Stored items
Theorem mainTheorem11
  (n : nat) (w : nat -> nat -> R) (r : R)
  (Hr : 0 <= r <= 1)
  (Hw : weighted_graph n w)
  (Hconn : connected n w)
  (S : nat -> bool)
  (HSne : exists i, (i < n)%nat /\ S i = true)
  (HSnV : exists i, (i < n)%nat /\ S i = false)
  (HRS : vol n w r S / vol n w r fullset <> 1/2)
  (lam : nat -> R) (Hlam : eigenvalue_list n w r lam)
  (tau : R)
  (Htau : tau > / lam 1%nat *
            ln (sqrt (vol n w r S) * sqrt (vol n w r (complement S)) /
                (sqrt (vol n w r fullset) *
                 Rabs (vol n w r S / vol n w r fullset - 1/2) *
                 Rpower (dmin n w) (r / 2))))
  (u : R -> nat -> R) (Hu : heat_solution n w r (chi S) u) :
  (vol n w r S / vol n w r fullset > 1/2 ->
     forall i, (i < n)%nat -> u tau i >= 1/2) /\
  (vol n w r S / vol n w r fullset < 1/2 ->
     forall i, (i < n)%nat -> ~ (u tau i >= 1/2)).
Proof.
  destruct Hw as [Hsym [Hw0 [_ Hdeg]]]; destruct Hlam as [Hsort [v [Hev Hind]]].
  destruct HSne as [i0 [Hi0 HS0]]; destruct HSnV as [i1 [Hi1 HS1]].
  assert (Hn : (1 < n)%nat) by (assert (i0 <> i1) by congruence; lia).
  pose proof (vol_pos n w r S i0 Hi0 HS0) as Ha.
  pose proof (vol_pos n w r (complement S) i1 Hi1 ltac:(unfold complement; now rewrite HS1)) as Hb.
  pose proof (vol_complement n w r S) as HV.
  set (R0 := vol n w r S / vol n w r fullset) in *.
  set (m := Rpower (dmin n w) r).
  set (q := Rpower (dmin n w) (r / 2)) in *.
  assert (Hm : forall k, (k < n)%nat -> m <= dpow n w r k)
    by (intros; apply dpow_ge_dmin; [lra | exact Hdeg | assumption]).
  assert (Hqq : q * q = m) by (unfold q, m; rewrite <- Rpower_plus; f_equal; field).
  set (E := fun t => dot n w r (fun i => u t i - R0) (fun i => u t i - R0)).
  assert (HE0 : E 0 = dot n w r (fun i => chi S i - R0) (fun i => chi S i - R0))
    by (apply dot_ext; intros i Hi; now rewrite (proj1 Hu)).
  destruct (threshold_ratio_sq _ _ (vol n w r fullset) (R0 - 1/2) q Ha Hb ltac:(lra) ltac:(lra)
              ltac:(apply exp_pos)) as [HA HEA].
  assert (HEt : E tau < (R0 - 1/2) * (R0 - 1/2) * m).
  { pose proof (eig1_pos n w r lam v Hsym Hw0 Hev Hind Hsort Hn Hconn) as Hlam1.
    apply (decay_below_threshold (lam 1%nat) _ _ (E 0) _ tau Hlam1 HA); [| | |exact Htau|].
    - apply Rmult_lt_0_compat; [apply Rsqr_pos_lt; lra | apply exp_pos].
    - rewrite HE0; apply dot_chi_sub_gt with i0 i1; try assumption; apply exp_pos.
    - rewrite HE0, dot_chi_sub_mean, HEA, Hqq by lra; ring.
    - intros Htau0; apply (heat_energy_decay n w r (chi S) u Hsym Hu); [| |exact Htau0].
      + rewrite <- vol_dot, <- vol_fullset; unfold R0; field; lra.
      + exact (poincare n w r lam v Hsym Hw0 Hev Hind Hsort Hn). }
  assert (Hpt : forall i, (i < n)%nat ->
                 (u tau i - R0) * (u tau i - R0) < (R0 - 1/2) * (R0 - 1/2)).
  { intros i Hi; apply (Rmult_lt_reg_l m); [apply exp_pos|].
    pose proof (dot_sq_ge_term n w r m (fun i => u tau i - R0) i Hm Hi).
    fold (E tau) in *; lra. }
  split; intros HR i Hi; specialize (Hpt i Hi); nra.
Qed.
(* If lam is not lex-above the hook (n - 2d, 1^2d), its first row is shorter than
   n - 2d.  A monomial x_E of degree at most d involves at most 2d labels, so among
   the at least n - 2d remaining labels two lie in the same column of any tableau t.
   Their transposition fixes x_E but negates the polytabloid e_t; hence for an
   S_n-map f the x_E-coefficient of f(e_t) equals its own negative and vanishes.
   So every S_n-map from the Specht module to V is zero. *)

From HB Require Import structures.
From mathcomp Require Import all_boot all_order all_fingroup all_algebra.
From mathcomp Require Import reals zify.

Set Implicit Arguments.
Unset Strict Implicit.
Unset Printing Implicit Defensive.

Import GRing.Theory Num.Theory.
Local Open Scope ring_scope.

Lemma sorted_geq_all_leq (x : nat) (s : seq nat) :
  sorted geq (x :: s) -> all (fun y => y <= x)%N s.
Proof.
move=> /= xs; have := order_path_min (leT := geq) _ xs.
by apply=> a b c ba cb; exact: leq_trans cb ba.
Qed.

Lemma hook_head_leq_partition (n d : nat) (lam : seq nat) :
  (0 < n)%N -> (0 < d)%N -> is_partition n lam ->
  (n - 2 * d <= nth 0 lam 0)%N -> lex_ge lam (hook n d).
Proof.
move=> n_gt0 d_gt0 /and3P[lam_sorted lam_pos /eqP lam_sum].
case: lam lam_sorted lam_pos lam_sum => [|x s] //=; first lia.
move=> xs /andP[x_gt0 s_pos] sum_xs x_ge.
have [x_gt|x_lt|x_eq] := ltngtP (n - 2 * d) x.
- by right; exists 0%N; split=> // -[].
- by lia.
case: s xs s_pos sum_xs => [|y s] xs s_pos /= sum_xs; first lia.
have [y_gt1|y_le1] := ltnP 1 y.
  right; exists 1%N; split; first by case.
  by rewrite /hook; case: (2 * d)%N d_gt0 => /=; lia.
have ones : s = nseq (size s) 1%N.
  apply/all_pred1P/allP => z zs.
  have /allP/(_ z zs) := sorted_geq_all_leq (path_sorted xs).
  by move: s_pos => /andP[_ /allP/(_ z zs)] /=; lia.
move: sum_xs; rewrite ones /= sumn_nseq => sum_xs.
have y1 : y = 1%N by move: s_pos => /andP[]; lia.
left; rewrite /hook -x_eq y1 /=.
by rewrite (_ : (2 * d)%N = (size s).+1) //; lia.
Qed.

» Work instructions
Both end lines included, restate word for word the lines above from the line with "ln (sqrt (vol" to the line with "Rpower (dmin n w) (r / 2))))", and nothing else.

» Task output
            ln (sqrt (vol n w r S) * sqrt (vol n w r (complement S)) /
                (sqrt (vol n w r fullset) *
                 Rabs (vol n w r S / vol n w r fullset - 1/2) *
                 Rpower (dmin n w) (r / 2))))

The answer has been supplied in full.